Thursday, January 27, 2011

Eisele Gallery Award & Rejection

Surprise! I just found this tucked in the back of my winning painting.
Back in October I blogged from Nashville, TN that a painting of my cat, Van Gogh, had been accepted into the Viewpoint 2010 exhibition. Viewpoint is a national juried exhibition sponsored each year by the Cincinnati Art Club. While I was in Cuba, this exhibition opened, and I later learned that I'd won the Eisele Gallery Award!

The award is a year's representation at this fine art gallery that features not only the works of contemporary artists from Ohio, but also historic paintings by some of Ohio's past masters.

Yesterday afternoon my thrill was to drop off work that will hang among these past masters. Tonight, I got a small thrill when I found this medal, sort of like I had just received the award in person.

But what happens to us emotionally when we don't get in to a show? Or when we don't get that coveted opportunity that we had hoped for? Recently I found some words of wisdom on this very thing while reading Robert Henri's 'The Art Spirit'. It is really great advice.
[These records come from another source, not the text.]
Lemma q_ratio L : 1 - INR L / 2 ^ L = INR (2 ^ L - L)%N / INR (2 ^ L)%N.
Proof.
have /leP LQ : (L <= 2 ^ L)%N by apply: ltnW; apply: ltn_expl.
have Q0 : 0 < 2 ^ L by apply: pow_lt; lra.
by rewrite minus_INR // INR_pow2; field; lra.
Qed.

Lemma q_bounds L : (1 <= L)%N -> 0 < 1 - INR L / 2 ^ L < 1.
Proof.
move=> L1; have /ltP LQ : (L < 2 ^ L)%N by apply: ltn_expl.
have Q0 : 0 < 2 ^ L by apply: pow_lt; lra.
have L0 : 0 < INR L by apply: lt_0_INR; apply/ltP.
have LQr : INR L < 2 ^ L by rewrite -INR_pow2; apply: lt_INR.
have : 0 < INR L / 2 ^ L < 1.
  split; first exact: Rdiv_lt_0_compat.
  by apply: (Rmult_lt_reg_r (2 ^ L)) => //; rewrite /Rdiv Rmult_assoc Rinv_l; lra.
lra.
Qed.

(* The hypothesis on m yields N q^m <= eps; the correction term S only
   strengthens the hypothesis, since S ln(1 - eps/N) / ln q >= 0. *)
Lemma union_bound_small (q N S eps : R) (m : nat) :
  0 < q < 1 -> 1 <= N -> 0 <= S -> 0 < eps < 1 ->
  INR m >= (ln (eps / N) + S * ln (1 - eps / N)) / ln q -> N * q ^ m <= eps.
Proof.
move=> [q0 q1] N1 S0 [e0 e1] Hm.
set a := eps / N in Hm.
have a0 : 0 < a by apply: Rdiv_lt_0_compat; lra.
have a1 : a < 1.
  by apply: (Rmult_lt_reg_r N); [lra | rewrite /a /Rdiv Rmult_assoc Rinv_l; lra].
have lnq : ln q < 0 by rewrite -ln_1; apply: ln_increasing; lra.
have lna : ln (1 - a) < 0 by rewrite -ln_1; apply: ln_increasing; lra.
have m_lna : INR m * ln q <= ln a.
  have : (ln a + S * ln (1 - a)) / ln q * ln q = ln a + S * ln (1 - a) by field; lra.
  nra.
have qm : q ^ m <= a.
  rewrite -ln_pow in m_lna; last lra.
  by case: (Rle_or_lt (q ^ m) a) => // /(ln_increasing _ _ a0); lra.
have Na : N * a = eps by rewrite /a; field; lra.
by rewrite -Na; apply: Rmult_le_compat_l; lra.
Qed.

Lemma good_fraction (G B T Ns P Q : nat) (eps : R) (m : nat) :
  (0 < T)%N -> (0 < P)%N -> (G + B = T ^ m)%N -> (P ^ m * B <= Ns * (Q * T) ^ m)%N ->
  INR Ns * (INR Q / INR P) ^ m <= eps -> INR G / INR (T ^ m) >= 1 - eps.
Proof.
move=> /ltP T0 /ltP P0 GB /leP BN small.
have Tm : 0 < INR T ^ m by apply: pow_lt; apply: lt_0_INR.
have Pm : 0 < INR P ^ m by apply: pow_lt; apply: lt_0_INR.
have G_eq : INR G = INR T ^ m - INR B by rewrite -INR_expn -GB plus_INR; ring.
have BN' := le_INR _ _ BN.
rewrite !mult_INR !INR_expn mult_INR Rpow_mult_distr in BN'.
have Qm : INR Q ^ m = (INR Q / INR P) ^ m * INR P ^ m.
  by rewrite -Rpow_mult_distr; congr (_ ^ _); field; apply: not_0_INR; lia.
have B_le : INR B <= eps * INR T ^ m.
  apply: (Rle_trans _ (INR Ns * (INR Q / INR P) ^ m * INR T ^ m)).
    by apply: (Rmult_le_reg_l (INR P ^ m)) => //; rewrite Qm in BN'; lra.
  by apply: Rmult_le_compat_r; lra.
have B_frac : INR B / INR T ^ m <= eps.
  by apply: (Rmult_le_reg_r (INR T ^ m)) => //; rewrite /Rdiv Rmult_assoc Rinv_l; lra.
rewrite INR_expn G_eq (_ : _ / _ = 1 - INR B / INR T ^ m); first lra.
by field; lra.
Qed.

End RealBounds.

Unset Implicit Arguments.
Open Scope R_scope.

Theorem theorem5 (n k d : nat) (C : {set 'rV['F_2]_n}) (l : nat) (eps : R) (m : nat) :
  is_code C k d ->
  (2 <= l)%N -> (l <= (d + 1)./2)%N ->
  0 < eps < 1 ->
  (0 < m)%N ->
  let N := rsum 1 l (fun j => INR 'C(n, j)) in
  INR m >= (ln (eps / N)
            + rsum 1 l (fun j => INR 'C(n, j) - INR 'C(n - j, j) - 1)
              * ln (1 - eps / N))
           / ln (1 - INR (l - 1) / 2 ^ (l - 1)) ->
  INR (good_count m C l) / INR (#|dual C| ^ m) >= 1 - eps /\
  (forall H : 'M['F_2]_(m, n),
     rows_in (dual C) H -> stop_dist_ge H l ->
     exists r : nat, (r <= n - k + 1 - l)%N /\
       exists H' : 'M['F_2]_(r, n),
         rows_in (dual C) H' /\
         \rank (col_mx H H') = (n - k)%N /\
         parity_check C (col_mx H H') /\
         stop_dist_ge (col_mx H H') l).
Proof.
move=> code l_ge2 l_le eps_bounds m_gt0 N m_large.
have l_lt_d : (l - 1 < d)%N by move: l_le; rewrite geq_half_double -mul2n; lia.
have l_le_n : (l - 1 <= n)%N by have := min_dist_le_length code; lia.
split; last by move=> H; exact: extend_to_parity_check code l_le_n.
apply: (good_fraction _ _ (card_good_bad C l m) (card_bad code l_lt_d m_gt0)).
- by rewrite (card_dual code) expn_gt0.
- by rewrite expn_gt0.
rewrite INR_sum -/N -q_ratio.
apply: union_bound_small m_large.
- by apply: q_bounds; lia.
- exact: rsum_binomial_ge1.
- exact: rsum_binomial_gap_ge0.
- exact: eps_bounds.
Qed.
Lemma mem_pair_blocks l P : P \in (pair_blocks l).1 ->
  exists A B, [/\ A \in l, B \in l & P = A ++ B].
Proof.
elim/seq_ind2: l => [|A|A B r IHr] //=; rewrite inE => /predU1P[-> | /IHr].
  by exists A, B; rewrite !inE !eqxx orbT.
by case=> [A' [B' [A'r B'r ->]]]; exists A', B'; rewrite !inE A'r B'r !orbT.
Qed.

Lemma pair_blocks_regroup l : exists l',
  [/\ flatten (pair_blocks l).1 = flatten l', {subset l' <= l}
    & {subset l <= (pair_blocks l).2 :: l'}].
Proof.
elim/seq_ind2: l => [|A|A B r [l' [fl' l'r rl']]].
- by exists [::].
- by exists [::]; split=> // Q; rewrite !inE.
exists [:: A, B & l']; split; first by rewrite /= fl' catA.
  by move=> Q; rewrite !inE => /or3P[-> | -> | /l'r ->]; rewrite ?orbT.
move=> Q; rewrite !inE => /or3P[-> | -> | /rl']; rewrite ?eqxx ?orbT //.
by rewrite inE => /orP[-> | ->]; rewrite ?orbT.
Qed.

End PairBlocks.

Section Refinement.
Variable T : eqType.

Definition state := (seq T * seq (seq T))%type.

Definition order_of (S : state) : seq T := S.1 ++ flatten S.2.

Definition even_blocks (G : T -> 'F_2) (Qs : seq (seq T)) :=
  [seq Q <- Qs | \sum_(i <- Q) G i == 0].

Definition odd_blocks (G : T -> 'F_2) (Qs : seq (seq T)) :=
  [seq Q <- Qs | \sum_(i <- Q) G i != 0].

Definition refine (G : T -> 'F_2) (S : state) : state :=
  (S.1 ++ (pair_blocks (odd_blocks G S.2)).2,
   even_blocks G S.2 ++ (pair_blocks (odd_blocks G S.2)).1).

Variable G : T -> 'F_2.

Lemma perm_refine S : perm_eq (order_of (refine G S)) (order_of S).
Proof.
rewrite /order_of /refine /= -catA perm_cat2l flatten_cat perm_catC -catA.
rewrite pair_blocks_cat -flatten_cat; apply: perm_flatten.
by rewrite perm_filterC.
Qed.

Lemma refine_zero_sum (V : nmodType) (F : T -> V) S :
  zero_sum_blocks F S.2 -> zero_sum_blocks F (refine G S).2.
Proof.
move=> SF Q; rewrite mem_cat => /orP[|/mem_pair_blocks[A [B [+ + ->]]]].
  by rewrite mem_filter => /andP[_ /SF].
by rewrite !mem_filter big_cat => /andP[_ /SF->] /andP[_ /SF->]; exact: addr0.
Qed.

Lemma refine_zero_sum_self S : zero_sum_blocks G (refine G S).2.
Proof.
move=> Q; rewrite mem_cat => /orP[|/mem_pair_blocks[A [B [+ + ->]]]].
  by rewrite mem_filter => /andP[/eqP].
rewrite !mem_filter big_cat => /andP[GA _] /andP[GB _].
by apply/eqP/negbNE; rewrite F2_addr_neq0 GA GB.
Qed.

Lemma refine_nonempty S : (forall Q, Q \in S.2 -> Q != [::]) ->
  forall Q, Q \in (refine G S).2 -> Q != [::].
Proof.
move=> S_nonempty Q; rewrite mem_cat => /orP[|/mem_pair_blocks[A [B [+ _ ->]]]].
  by rewrite mem_filter => /andP[_ /S_nonempty].
by rewrite mem_filter => /andP[_ /S_nonempty]; case: A.
Qed.

Lemma size_refine S : ((size S.2)./2 <= size (refine G S).2)%N.
Proof.
have -> : size S.2 = (size (even_blocks G S.2) + size (odd_blocks G S.2))%N.
  by rewrite !size_filter -(count_predC (fun Q => \sum_(i <- Q) G i == 0)).
rewrite size_cat size_pair_blocks -!divn2; lia.
Qed.

Lemma suffix_sum_refine (V : nmodType) (F : T -> V) S j :
  uniq (order_of S) -> zero_sum_blocks F S.2 -> j \in order_of S ->
  suffix_sum F (order_of (refine G S)) j = suffix_sum F (order_of S) j.
Proof.
move=> uS SF jS.
have uS' : uniq (order_of (refine G S)) by rewrite (perm_uniq (perm_refine S)).
set rest := (pair_blocks (odd_blocks G S.2)).2.
have [l' [pairs_l' l'_odd odd_l']] := pair_blocks_regroup (odd_blocks G S.2).
have orderE :
    order_of (refine G S) = S.1 ++ flatten (rest :: even_blocks G S.2 ++ l').
  by rewrite /order_of /refine /= -catA !flatten_cat pairs_l'.
have S'F : zero_sum_blocks F (rest :: even_blocks G S.2 ++ l').
  move=> Q; rewrite inE mem_cat => /or3P[/eqP-> | | /l'_odd].
  - have := pair_blocks_rest (odd_blocks G S.2); rewrite -/rest inE.
    by case/predU1P=> [-> | ]; rewrite ?big_nil // mem_filter => /andP[_ /SF].
  - by rewrite mem_filter => /andP[_ /SF].
  - by rewrite mem_filter => /andP[_ /SF].
rewrite orderE {1}/order_of.
have [j1 | j1] := boolP (j \in S.1).
  by rewrite !suffix_sum_catl // !sum_flatten_zero_sum_blocks.
rewrite [LHS]suffix_sum_catr // [RHS]suffix_sum_catr //.
move: jS; rewrite mem_cat (negbTE j1) => /flattenP[Q Q_S j_Q].
have {}uS : uniq (flatten S.2) by move: uS; rewrite cat_uniq => /and3P[].
have {}uS' : uniq (flatten (rest :: even_blocks G S.2 ++ l')).
  by move: uS'; rewrite orderE cat_uniq => /and3P[].
rewrite (suffix_sum_flatten uS SF Q_S j_Q) (suffix_sum_flatten uS' S'F _ j_Q) //.
have [GQ | GQ] := eqVneq (\sum_(i <- Q) G i) 0.
  by rewrite inE mem_cat mem_filter GQ eqxx Q_S orbT.
have /odd_l' : Q \in odd_blocks G S.2 by rewrite mem_filter GQ.
by rewrite !inE mem_cat => /orP[-> | ->]; rewrite ?orbT.
Qed.

End Refinement.

(** * The adversary *)

Definition upper_ones_mx n : 'M['F_2]_n := \matrix_(i, j) (i <= j)%N%:R.

Definition order_mx n (p : 'S_n) : 'M['F_2]_n :=
  perm_mx p *m upper_ones_mx n *m (perm_mx p)^T.

Lemma order_mxE n (p : 'S_n) i j : order_mx p i j = (p i <= p j)%N%:R.
Proof. by rewrite /order_mx tr_perm_mx -row_permE -col_permE !mxE. Qed.

Lemma upper_ones_mx_trig n : upper_triangular (upper_ones_mx n).
Proof. by move=> i j lt_ji; rewrite mxE leqNgt lt_ji. Qed.

Lemma upper_ones_mx_unit n : upper_ones_mx n \in unitmx.
Proof.
rewrite unitmxE (det_trig_rank val_inj) => [|i j lt_ji]; last first.
  by rewrite mxE leqNgt lt_ji.
by rewrite big1 ?unitr1 // => i _; rewrite mxE leqnn.
Qed.

Lemma order_mx_unit n (p : 'S_n) : order_mx p \in unitmx.
Proof. by rewrite !unitmx_mul tr_perm_mx !unitmx_perm upper_ones_mx_unit. Qed.

Lemma perm_of_index n (s : seq 'I_n) : perm_eq s (enum 'I_n) ->
  exists p : 'S_n, forall i, val (p i) = index i s.
Proof.
move=> s_perm; have s_all i : i \in s by rewrite (perm_mem s_perm) mem_enum.
have index_lt i : (index i s < n)%N.
  by rewrite -[n in (_ < n)%N]size_enum_ord -(perm_size s_perm) index_mem.
have index_inj : injective (fun i => Ordinal (index_lt i)).
  by move=> i j [] /(index_inj i (s_all i) (s_all j)).
by exists (perm index_inj) => i; rewrite permE.
Qed.

Lemma big_drop_index (T : eqType) (V : nmodType) (F : T -> V) (s : seq T) k :
  uniq s -> \sum_(i <- s | (k <= index i s)%N) F i = \sum_(i <- drop k s) F i.
Proof.
elim: s k => [|x s IHs] [|k] /=; rewrite ?big_nil // => /andP[x_s us].
rewrite big_cons eqxx /= -IHs // [LHS]big_seq_cond [RHS]big_seq_cond.
apply: eq_bigl => i; case: (boolP (i \in s)) => //= i_s.
by rewrite ifN ?ltnS //; apply: contraNneq x_s => ->.
Qed.

Definition coord n (y : vertex n) (i : 'I_n) : 'F_2 := y i 0.

Lemma order_mx_mul_suffix_sum n (p : 'S_n) (s : seq 'I_n) :
  perm_eq s (enum 'I_n) -> (forall i, val (p i) = index i s) ->
  forall (y : vertex n) j, (order_mx p *m y) j 0 = suffix_sum (coord y) s j.
Proof.
move=> s_perm p_index y j; rewrite mxE.
transitivity (\sum_(i | (index j s <= index i s)%N) y i 0).
  rewrite [RHS]big_mkcond; apply: eq_bigr => i _.
  by rewrite order_mxE !p_index mulr_natl mulrb.
transitivity (\sum_(i <- enum 'I_n | (index j s <= index i s)%N) y i 0).
  by rewrite big_enum_cond.
by rewrite -(perm_big _ s_perm) big_drop_index // (perm_uniq s_perm) enum_uniq.
Qed.

Section Simulation.
Variables (n : nat) (A : algorithm n).

Definition singleton_blocks : state 'I_n := ([::], [seq [:: i] | i <- enum 'I_n]).

Fixpoint simulate (k : nat) : state 'I_n * seq (vertex n * vertex n) :=
  if k is k'.+1 then
    let: (St, h) := simulate k' in
    let y := A h + A [::] in
    let St' := refine (coord y) St in
    (* (M (y + e_f))_j, as (M e_f)_j = 1 when f comes last in the final order *)
    (St', rcons h (A h, \col_j (suffix_sum (coord y) (order_of St') j + 1)))
  else (singleton_blocks, [::]).

Definition sim_query k := A (simulate k).2.

Definition sim_shift k := sim_query k + A [::].

Lemma simulate_state k :
  (simulate k.+1).1 = refine (coord (sim_shift k)) (simulate k).1.
Proof. by rewrite /sim_shift /sim_query /=; case: (simulate k). Qed.

Lemma simulate_history k :
  (simulate k.+1).2 = rcons (simulate k).2 (sim_query k,
    \col_j (suffix_sum (coord (sim_shift k)) (order_of (simulate k.+1).1) j + 1)).
Proof. by rewrite simulate_state /sim_shift /sim_query /=; case: (simulate k). Qed.

Lemma simulate_invariant k :
  [/\ perm_eq (order_of (simulate k).1) (enum 'I_n),
      forall Q, Q \in (simulate k).1.2 -> Q != [::]
    & (n %/ 2 ^ k <= size (simulate k).1.2)%N].
Proof.
elim: k => [|k [S_perm S_nonempty S_size]].
  split; rewrite /= /order_of /= ?flatten_seq1 //.
    by move=> Q /mapP[i _ ->].
  by rewrite size_map size_enum_ord divn1.
rewrite simulate_state; split.
- exact: perm_trans (perm_refine _ _) S_perm.
- exact: refine_nonempty.
- apply: leq_trans (size_refine _ _).
  by rewrite expnSr divnMA divn2 half_leq.
Qed.

Lemma simulate_settled k m : (k < m)%N ->
  zero_sum_blocks (coord (sim_shift k)) (simulate m).1.2 /\
  forall j, suffix_sum (coord (sim_shift k)) (order_of (simulate m).1) j =
            suffix_sum (coord (sim_shift k)) (order_of (simulate k.+1).1) j.
Proof.
elim: m => [// | m IHm]; rewrite ltnS leq_eqVlt => /predU1P[-> | lt_km].
  by split=> //; rewrite simulate_state; apply: refine_zero_sum_self.
have [zero_sum settled] := IHm lt_km.
have [S_perm _ _] := simulate_invariant m.
rewrite simulate_state; split; first exact: refine_zero_sum.
move=> j; rewrite suffix_sum_refine //.
  by rewrite (perm_uniq S_perm) enum_uniq.
by rewrite (perm_mem S_perm) mem_enum.
Qed.

End Simulation.

Section Adversary.
Variables (n : nat) (A : algorithm n) (T : nat) (f : 'I_n) (p : 'S_n).
Let S := (simulate A T).1.
Hypothesis f_last : forall j, (index j (order_of S) <= index f (order_of S))%N.
Hypothesis f_block : f \in flatten S.2.
Hypothesis p_index : forall i, val (p i) = index i (order_of S).
(* Let $\mathcal{C}$ be a Cartesian closed category equipped with a comonad $\Box$ that has a left adjoint $\mathsf{lock} \dashv \Box$; then equivalent terms $t$ and $u$ of type $A$ in context $\Gamma$ of the calculus $\mathrm{IS4}_C$ denote equal morphisms in $\mathcal{C}$.
   Context: $\mathrm{IS4}_C$ is the Fitch-style calculus with types $A ::= \iota \mid A \to B \mid \Box A$ and contexts $\Gamma ::= \cdot \mid \Gamma, A \mid \Gamma, \mathsf{lock}$ ($\mathsf{lock}$ the lock operator). The relation $\Delta \mathrel{R} \Gamma$ holds when $\Gamma$ extends $\Delta$ on the right by any number of types and locks (it is reflexive and transitive). Terms are those of STLC plus $\mathsf{box}\, t : \Box A$ in $\Gamma$ from $t : A$ in $\Gamma, \mathsf{lock}$, and $\mathsf{unbox}(t, e) : A$ in $\Gamma$ from $t : \Box A$ in $\Delta$ and an explicit proof $e : \Delta \mathrel{R} \Gamma$. The equational theory contains $\beta$/$\eta$ for functions, $\mathsf{unbox}(\mathsf{box}\, t, e) \equiv t[(\mathrm{id}, e)]$ (substituting the lock using $e$), and $t \equiv \mathsf{box}(\mathsf{unbox}(t, e_1))$ where $e_1 : \Gamma \mathrel{R} \Gamma, \mathsf{lock}$ adds one lock. Terms are interpreted in $\mathcal{C}$ by interpreting $\Box$ and $\mathsf{lock}$ as the right and left adjoint and $\mathsf{box}$/$\mathsf{unbox}$ via the adjuncts (Clouston's categorical semantics). *)

Set Implicit Arguments.
Unset Strict Implicit.

Record Category := {
  ob :> Type;
  hom : ob -> ob -> Type;
  idm : forall a, hom a a;
  comp : forall a b c, hom b c -> hom a b -> hom a c;
  comp_id_l : forall a b (f : hom a b), comp (idm b) f = f;
  comp_id_r : forall a b (f : hom a b), comp f (idm a) = f;
  comp_assoc : forall a b c d (h : hom c d) (g : hom b c) (f : hom a b),
      comp h (comp g f) = comp (comp h g) f }.

Arguments idm {_} _.
Arguments comp {_ _ _ _} _ _.

Record CartesianClosed (C : Category) := {
  term : ob C;
  bang : forall a : ob C, @hom C a term;
  bang_unique : forall a (f : @hom C a term), f = bang a;
  prod : ob C -> ob C -> ob C;
  p1 : forall a b, @hom C (prod a b) a;
  p2 : forall a b, @hom C (prod a b) b;
  pair : forall c a b, @hom C c a -> @hom C c b -> @hom C c (prod a b);
  pair_p1 : forall c a b (f : @hom C c a) (g : @hom C c b), comp (p1 a b) (pair f g) = f;
  pair_p2 : forall c a b (f : @hom C c a) (g : @hom C c b), comp (p2 a b) (pair f g) = g;
  pair_unique : forall c a b (h : @hom C c (prod a b)),
      pair (comp (p1 a b) h) (comp (p2 a b) h) = h;
  exp : ob C -> ob C -> ob C;   (* exp a b = b^a *)
  ev : forall a b, @hom C (prod (exp a b) a) b;
  cur : forall c a b, @hom C (prod c a) b -> @hom C c (exp a b);
  cur_beta : forall c a b (f : @hom C (prod c a) b),
      comp (ev a b) (pair (comp (cur f) (p1 c a)) (p2 c a)) = f;
  cur_unique : forall c a b (f : @hom C (prod c a) b) (g : @hom C c (exp a b)),
      comp (ev a b) (pair (comp g (p1 c a)) (p2 c a)) = f -> g = cur f }.

Arguments term {_} _.
Arguments bang {_} _ _.
Arguments prod {_} _ _ _.
Arguments p1 {_} _ {_ _}.
Arguments p2 {_} _ {_ _}.
Arguments pair {_} _ {_ _ _} _ _.
Arguments exp {_} _ _ _.
Arguments ev {_} _ {_ _}.
Arguments cur {_} _ {_ _ _} _.

Record Functor (C : Category) := {
  fobj :> ob C -> ob C;
  fmap : forall a b, @hom C a b -> @hom C (fobj a) (fobj b);
  fmap_id : forall a, fmap (idm a) = idm (fobj a);
  fmap_comp : forall a b c (g : @hom C b c) (f : @hom C a b),
      fmap (comp g f) = comp (fmap g) (fmap f) }.

Arguments fmap {_} _ {_ _} _.

Record Comonad (C : Category) (F : Functor C) := {
  cm_counit : forall a, @hom C (F a) a;
  cm_comult : forall a, @hom C (F a) (F (F a));
  cm_counit_nat : forall a b (f : @hom C a b),
      comp f (cm_counit a) = comp (cm_counit b) (fmap F f);
  cm_comult_nat : forall a b (f : @hom C a b),
      comp (fmap F (fmap F f)) (cm_comult a) = comp (cm_comult b) (fmap F f);
  cm_law1 : forall a, comp (cm_counit (F a)) (cm_comult a) = idm (F a);
  cm_law2 : forall a, comp (fmap F (cm_counit a)) (cm_comult a) = idm (F a);
  cm_law3 : forall a, comp (cm_comult (F a)) (cm_comult a)
                      = comp (fmap F (cm_comult a)) (cm_comult a) }.

Arguments cm_counit {_ _} _ _.
Arguments cm_comult {_ _} _ _.

Record Adjunction (C : Category) (L R : Functor C) := {
  adj_unit : forall a, @hom C a (R (L a));
  adj_counit : forall a, @hom C (L (R a)) a;
  adj_unit_nat : forall a b (f : @hom C a b),
      comp (fmap R (fmap L f)) (adj_unit a) = comp (adj_unit b) f;
  adj_counit_nat : forall a b (f : @hom C a b),
      comp f (adj_counit a) = comp (adj_counit b) (fmap L (fmap R f));
  adj_tri_L : forall a, comp (adj_counit (L a)) (fmap L (adj_unit a)) = idm (L a);
  adj_tri_R : forall a, comp (fmap R (adj_counit a)) (adj_unit (R a)) = idm (R a) }.

Arguments adj_unit {_ _ _} _ _.
Arguments adj_counit {_ _ _} _ _.

Record ModalCCC := {
  mc_cat :> Category;
  mc_ccc : CartesianClosed mc_cat;
  mc_box : Functor mc_cat;
  mc_comonad : Comonad mc_box;
  mc_lock : Functor mc_cat;
  mc_adj : Adjunction mc_lock mc_box }.

Inductive Ty : Type :=
| iota : Ty
| arr : Ty -> Ty -> Ty
| bx : Ty -> Ty.

Inductive Ctx : Type :=
| cnil : Ctx
| cext : Ctx -> Ty -> Ctx
| clock : Ctx -> Ctx.

(* Variables: no variable may be accessed across a lock. *)
Inductive Var : Ctx -> Ty -> Type :=
| ze : forall G A, Var (cext G A) A
| su : forall G A B, Var G A -> Var (cext G B) A.
(* The regularized BTL objective equals [G v - 2 K \sum_a v a * s a], where
   [s a = \sum_(b != a) p(a,b)] is the win score of [a] and [G] is invariant under
   permutations of the alternatives and strictly convex.  Hence a minimizer orders the
   alternatives as their win scores: swapping two values ordered against the scores
   lowers the objective, averaging with the swap shows that tied scores force tied values,
   and a small step apart shows that distinct scores forbid tied values.
   On the other hand [s a - s b = (p(a,b) - p(b,a)) + \sum_c (p(a,c) - p(b,c))]: the CDF
   hypothesis makes [p(a,b)] exceed 1/2 exactly when [ubar a > ubar b] (and equal 1/2 on
   ties), while independence and identical distribution make [p(a,c)] depend on [a] only
   through [ubar a], monotonically. *)

From HB Require Import structures.
From mathcomp Require Import all_boot all_order all_algebra.
From mathcomp Require Import all_classical all_reals all_analysis.
From mathcomp Require Import perm ring lra.
Set Implicit Arguments.
Unset Strict Implicit.
Unset Printing Implicit Defensive.

Import Order.TTheory GRing.Theory Num.Theory.
Local Open Scope classical_set_scope.
Local Open Scope ring_scope.

Section LogSumExp.
Variable R : realType.
Implicit Types x y s t : R.

Definition lse x y : R := ln (expR x + expR y).

Lemma expR_add_expRN_le s : `|s| <= 1 -> expR s + expR (- s) - 2 <= expR 1 * s ^+ 2.
Proof.
wlog s_ge0 : s / 0 <= s => [hwlog|].
  case: (lerP 0 s) => [/hwlog//|s_lt0 hs].
  have := hwlog (- s); rewrite opprK sqrrN normrN [expR s + _]addrC.
  by apply; lra.
rewrite ger0_norm // => s_le1.
set E := expR s; set F := expR (- s).
have EF : E * F = 1 by rewrite /E /F -expRD subrr expR0.
have F_ge : 1 - s <= F by have := expR_ge1Dx (- s); rewrite /F; lra.
have E_le : E <= expR 1 by rewrite /E ler_expR.
have F_gt0 : 0 < F by exact: expR_gt0.
(* [E + F - 2 = F (E - 1)^2] and [0 <= E - 1 <= s E] because [E F = 1] *)
have -> : E + F - 2 = F * (E - 1) ^+ 2.
  have -> : F * (E - 1) ^+ 2 = (E * F) * E - 2 * (E * F) + F by ring.
  by rewrite EF; ring.
have E_ge1 : 1 <= E by have := expR_ge1Dx s; rewrite /E; lra.
have E1_le : E - 1 <= s * E.
  have : E * (1 - s) <= E * F by rewrite ler_pM2l //; lra.
  by rewrite EF; lra.
have : F * (E - 1) ^+ 2 <= F * (s * E) ^+ 2.
  by rewrite ler_pM2l // ler_sqr ?nnegrE; [| lra | apply: mulr_ge0; lra].
have -> : F * (s * E) ^+ 2 = s ^+ 2 * E * (E * F) by ring.
rewrite EF mulr1 => /le_trans; apply.
by rewrite [X in _ <= X]mulrC ler_wpM2l // sqr_ge0.
Qed.

Lemma expR_add_expRN_mul_le t s : 0 <= t <= 1 -> `|s| <= 1 ->
  expR (t * s) + expR (- (t * s)) - 2 <= expR 1 * t ^+ 2.
Proof.
case/andP => t_ge0 t_le1 s_le1.
have ts_le1 : `|t * s| <= 1.
  by rewrite normrM ger0_norm //; apply: le_trans t_le1; rewrite -[leRHS]mulr1 ler_wpM2l.
apply: (le_trans (expR_add_expRN_le ts_le1)); rewrite ler_wpM2l ?expR_ge0 //.
rewrite exprMn -[leRHS]mulr1 ler_wpM2l ?sqr_ge0 // -real_normK ?num_real //.
by rewrite -(expr1n R 2) ler_sqr ?nnegrE.
Qed.

Lemma lse_sub_le x y x' y' :
  lse x' y' - lse x y <= (expR x' + expR y') / (expR x + expR y) - 1.
Proof.
have S_gt0 : 0 < expR x + expR y by rewrite addr_gt0 // expR_gt0.
have S'_gt0 : 0 < expR x' + expR y' by rewrite addr_gt0 // expR_gt0.
rewrite /lse -ln_div ?posrE // -[X in ln X](subrK 1) addrC le_ln1Dx //.
by rewrite ltrBrDl subrr divr_gt0.
Qed.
"DON'T worry about the rejections. Everybody that's good has gone through it. Don't let it matter if your works are not "accepted" at once. The better or more personal you are the less likely they are of acceptance. Just remember that the object of painting pictures is not simply to get them in exhibitions. It is all very fine to have your pictures hung, but you are painting for yourself, not for the jury. I had many years of rejections.
     Do some great work, Son! Don't try to paint good landscapes. Try to paint canvases that will show how interesting landscape looks to you -- your pleasure in the thing. Wit.
     There are lots of people who can make sweet colors, nice tones, nice shapes of landscape, all done in nice broad and intelligent-looking brushwork.
     Courbet showed in every work what a man he was, what a head and heart he had.
     Every student should put down in some form or other his findings. All any man can hope to do is to add his fragment to the whole. No man can be final, but he can record his progress, and whatever he records is so much done in the thrashing out of the whole thing. What he leaves is so much for others to use as stones to step on or stones to avoid.
    The student is not an isolated force. He belongs to a great brotherhood, bears great kinship to his kind. He takes and he gives. He benefits by taking and he benefits by giving."

Tuesday, January 25, 2011

Daily 90 3 & 4 - My Way!

Here's the math:
January 20
15 paintings behind - 2 paintings +
1 day of not painting
+ 1 afternoon of life drawing
- one new snow painting
- 1 painting from a live model
= 11 paintings behind on January 24
- haven't painted yet today
= possible 12 paintings behind tonight, January 25.

Whew! I am going to do this daily painting thing My Way.
Any art I do counts, it just might not be a painting, it could be a drawing or a print. BUT, if I can come up with 90 new paintings in less than 90 days, that would be a marvelous thing indeed.

Below the colors I mixed for the start my second new snow painting.
They don't look very exciting do they?

My surface: a panel by SourceTek - Classens landscape linen.
Notice the little pin holes in the surface of the priming!
I only saw noticed that when I downloaded this photo.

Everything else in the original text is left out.